I spoke to one woman who was talking about the specific oil she was using, and how she had to work out how to make it more refined without losing its integrity. Because she realized that any woman buying it and wanting to apply it to her face would go, ugh, this is too thick and sticky. Whereas ten years ago, somebody would have produced thick and sticky and thought, that’s good enough. What they’re learning is that you can apply technology and there are ways for an ingredient to retain its integrity without reducing its efficacy.

It seems to be about a very specific, selective application of technology in those cases.

Very specific, and I think it mainly came out through the sort of cold-pressing methods, what people were doing. There was someone I spoke to that said they were using an even more special version of cold pressing. They were working at extracting the ingredient at a very specific temperature and that was in order to retain both its integrity but also to make it palatable for the consumer to use.

In our work for the report, we were struck by how quickly and literally things from food and drink were being applied in beauty. Were you surprised by that?
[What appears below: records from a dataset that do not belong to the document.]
Lemma touchard_dowling m n : touchard m n = dowling m 0 n.
Proof. by []. Qed.

(* Truncations of [c t / (e^(c t) - 1)], [t e^(x t) / (e^t - 1)] and [e^t - 1]. *)
Definition bernt N c := egf N (fun i => bern i * c ^+ i).
Definition bernpolyt N x := egf N (fun k => (bernpoly k).[x]).
Definition expm1t N := egf N (fun i => (i != 0)%:R).

Lemma ecoef_expm1c0 N c : ecoef (expm1c N c) 0 = 0.
Proof. by rewrite /ecoef coefXM mulr0. Qed.

Lemma ecoef_expm1cS N c i : (i < N)%N -> ecoef (expm1c N c) i.+1 = c ^+ i.
Proof.
by move=> ltiN; rewrite /ecoef coefXM coef_poly ltiN mulrC divfK ?fact_neq0.
Qed.

(* This is the defining recurrence of [bern]. *)
Lemma bernt_expm1c N c : take_poly N (bernt N c * expm1c N c) = take_poly N 'X.
Proof.
apply: take_poly_ecoef => -[|i] ltiN.
  by rewrite ecoefM big_ord1 ecoef_expm1c0 /ecoef coefX !mulr0.
rewrite ecoefM big_ord_recr /= subnn ecoef_expm1c0 mulr0 addr0.
have ltiN' : (i < N)%N by exact: ltn_trans ltiN.
transitivity (c ^+ i * \sum_(j < i.+1) 'C(i.+1, j)%:R * bern j).
  rewrite mulr_sumr; apply: eq_bigr => -[j /=]; rewrite ltnS => leji _.
  have ltjN : (j < N)%N by exact: leq_ltn_trans leji ltiN'.
  have ltijN : (i - j < N)%N by exact: leq_ltn_trans (leq_subr j i) ltiN'.
  have -> : c ^+ i = c ^+ j * c ^+ (i - j) by rewrite -exprD subnKC.
  by rewrite subSn // ecoef_expm1cS // ecoef_egf //; ring.
rewrite /ecoef coefX; case: i {ltiN ltiN'} => [|i].
  by rewrite big_ord1 /bern /= !mulr1.
by rewrite bern_rec !mulr0.
Qed.

Lemma bernpolyt_bernt N x : bernpolyt N x = take_poly N (bernt N 1 * expt N x).
Proof.
symmetry; apply: take_poly_eq_egf => i ltiN; rewrite ecoefM horner_sum.
apply: eq_bigr => -[j /=]; rewrite ltnS => leji _.
have ltjN : (j < N)%N by exact: leq_ltn_trans leji ltiN.
have ltijN : (i - j < N)%N by exact: leq_ltn_trans (leq_subr j i) ltiN.
by rewrite !ecoef_egf // hornerZ hornerXn expr1n mulr1.
Qed.

Lemma expm1t_expm1c N : expm1t N = take_poly N (expm1c N 1).
Proof.
symmetry; apply: take_poly_eq_egf => -[|i] ltiN; first exact: ecoef_expm1c0.
by rewrite ecoef_expm1cS ?expr1n // (ltn_trans (ltnSn i)).
Qed.

Lemma expm1t_bernpolyt N x :
  take_poly N (expm1t N * bernpolyt N x) = take_poly N ('X * expt N x).
Proof.
rewrite expm1t_expm1c bernpolyt_bernt take_polyMl take_polyMr mulrCA mulrA.
by rewrite -take_polyMl bernt_expm1c take_polyMl.
Qed.

Lemma egf_comp N a q : egf N a \Po q = \sum_(k < N) (a k / k`!%:R) *: q ^+ k.
Proof.
by rewrite /egf poly_def linear_sum; apply: eq_bigr => k _; rewrite linearZ /= comp_Xn_poly.
Qed.

Lemma ecoef_expt_comp_egf N m r a j : (0 < m)%N -> (j < N)%N ->
  ecoef (expt N r%:R * (egf N a \Po expm1c N m%:R)) j =
  \sum_(k < j.+1) a k * whitney m r j k.
Proof.
move=> m_gt0 ltjN; rewrite egf_comp mulr_sumr ecoef_sum.
rewrite (big_ord_widen N (fun k => a k * whitney m r j k) ltjN) [RHS]big_mkcond.
apply: eq_bigr => k _; rewrite -scalerAr ecoefZ ecoef_whitney //.
rewrite mulrA divfK ?fact_neq0 //.
by case: ltnP => // ltjk; rewrite whitney_eq0 ?mulr0.
Qed.

Lemma dowling_egf_bernoulli N c a x : let u := expm1c N c in
  take_poly N ('X * (expt N a * (expt N x \Po u))) =
  take_poly N ((bernt N c * (expm1t N \Po u)) * (expt N a * (bernpolyt N x \Po u))).
Proof.
move=> u.
have comp_u : take_poly N ((expm1t N * bernpolyt N x) \Po u) =
              take_poly N (u * (expt N x \Po u)).
  by rewrite -take_poly_comp expm1t_bernpolyt take_poly_comp comp_polyM comp_polyX.
rewrite -take_polyMl -(bernt_expm1c N c) take_polyMl.
have -> : bernt N c * (expm1t N \Po u) * (expt N a * (bernpolyt N x \Po u)) =
          bernt N c * expt N a * ((expm1t N \Po u) * (bernpolyt N x \Po u)) by ring.
by rewrite -comp_polyM -[RHS]take_polyMr comp_u take_polyMr /u; congr take_poly; ring.
Qed.

Lemma ecoef_expm1t_comp N m j : (0 < m)%N -> (j < N)%N ->
  ecoef (expm1t N \Po expm1c N m%:R) j = \sum_(k < j.+1) (k != 0)%:R * whitney m 0 j k.
Proof.
move=> m_gt0 ltjN; rewrite -(ecoef_take_poly _ ltjN) -[expm1t N \Po _]mul1r -take_polyMl.
by rewrite -expt0 -[expt N 0]/(expt N 0%:R) ecoef_take_poly // ecoef_expt_comp_egf.
Qed.

Lemma ecoef_expm1t_comp0 N m : (0 < m)%N -> (0 < N)%N ->
  ecoef (expm1t N \Po expm1c N m%:R) 0 = 0.
Proof. by move=> m_gt0 N_gt0; rewrite ecoef_expm1t_comp // big_ord1 mul0r. Qed.

Lemma ecoef_expm1t_compS N m s : (0 < m)%N -> (s.+1 < N)%N ->
  ecoef (expm1t N \Po expm1c N m%:R) s.+1 = (touchard m s.+1).[1].
Proof.
move=> m_gt0 ltsN; rewrite ecoef_expm1t_comp // touchard_dowling dowling_horner.
rewrite big_ord_recl [RHS]big_ord_recl whitney_S0 !mulr0 !add0r.
by apply: eq_bigr => k _; rewrite expr1n.
Qed.

Lemma ecoef_bernt_expm1t_comp0 N m : (0 < m)%N -> (0 < N)%N ->
  ecoef (bernt N m%:R * (expm1t N \Po expm1c N m%:R)) 0 = 0.
Proof. by move=> m_gt0 N_gt0; rewrite ecoefM big_ord1 ecoef_expm1t_comp0 ?mulr0. Qed.

Definition bern_touchard_conv m l :=
  \sum_(s < l.+1) 'C(l.+1, s.+1)%:R * m%:R ^+ (l - s) * (touchard m s.+1).[1] * bern (l - s).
I suppose I was surprised by the immediacy of it, although if I think about the world that we live in, a lot of that immediacy, of ideas translating quickly, I think comes through digital. I think because information is out there and it’s so widely available, I think you can very quickly spot trends and get products into production. Six weeks stability testing, six weeks for the lab, add another six weeks for packaging design. So that’s 18 weeks, so you can pretty much get it on a shelf in six months after you’ve seen an idea.

And I don’t think any of the food trends, the ideas with guts and with legs, I don’t think any of those trends disappear in six months, I think they actually sit around for a couple of years. So actually if you get in right on the first step from hot new food trend, you could have that a beauty product out and on a shelf in six months’ time and still be current.

Will the work you’ve done on New Natural influence your thinking as a retailer?
For BeautyMART we’re constantly looking at what everybody’s up to in terms of what’s being made, what’s floating to the top, what’s coming to the top of the pile. What’s difficult about some of the brands is I think they would struggle to get EU compliance in this country, because a few of them were very kind of homemade. Especially the fresh ones, the superfoods and the raw brands, the smoothie-type brands where you would go in and you would have something mixed in front of you. So there are hurdles, but I do think it’s a big and important new channel.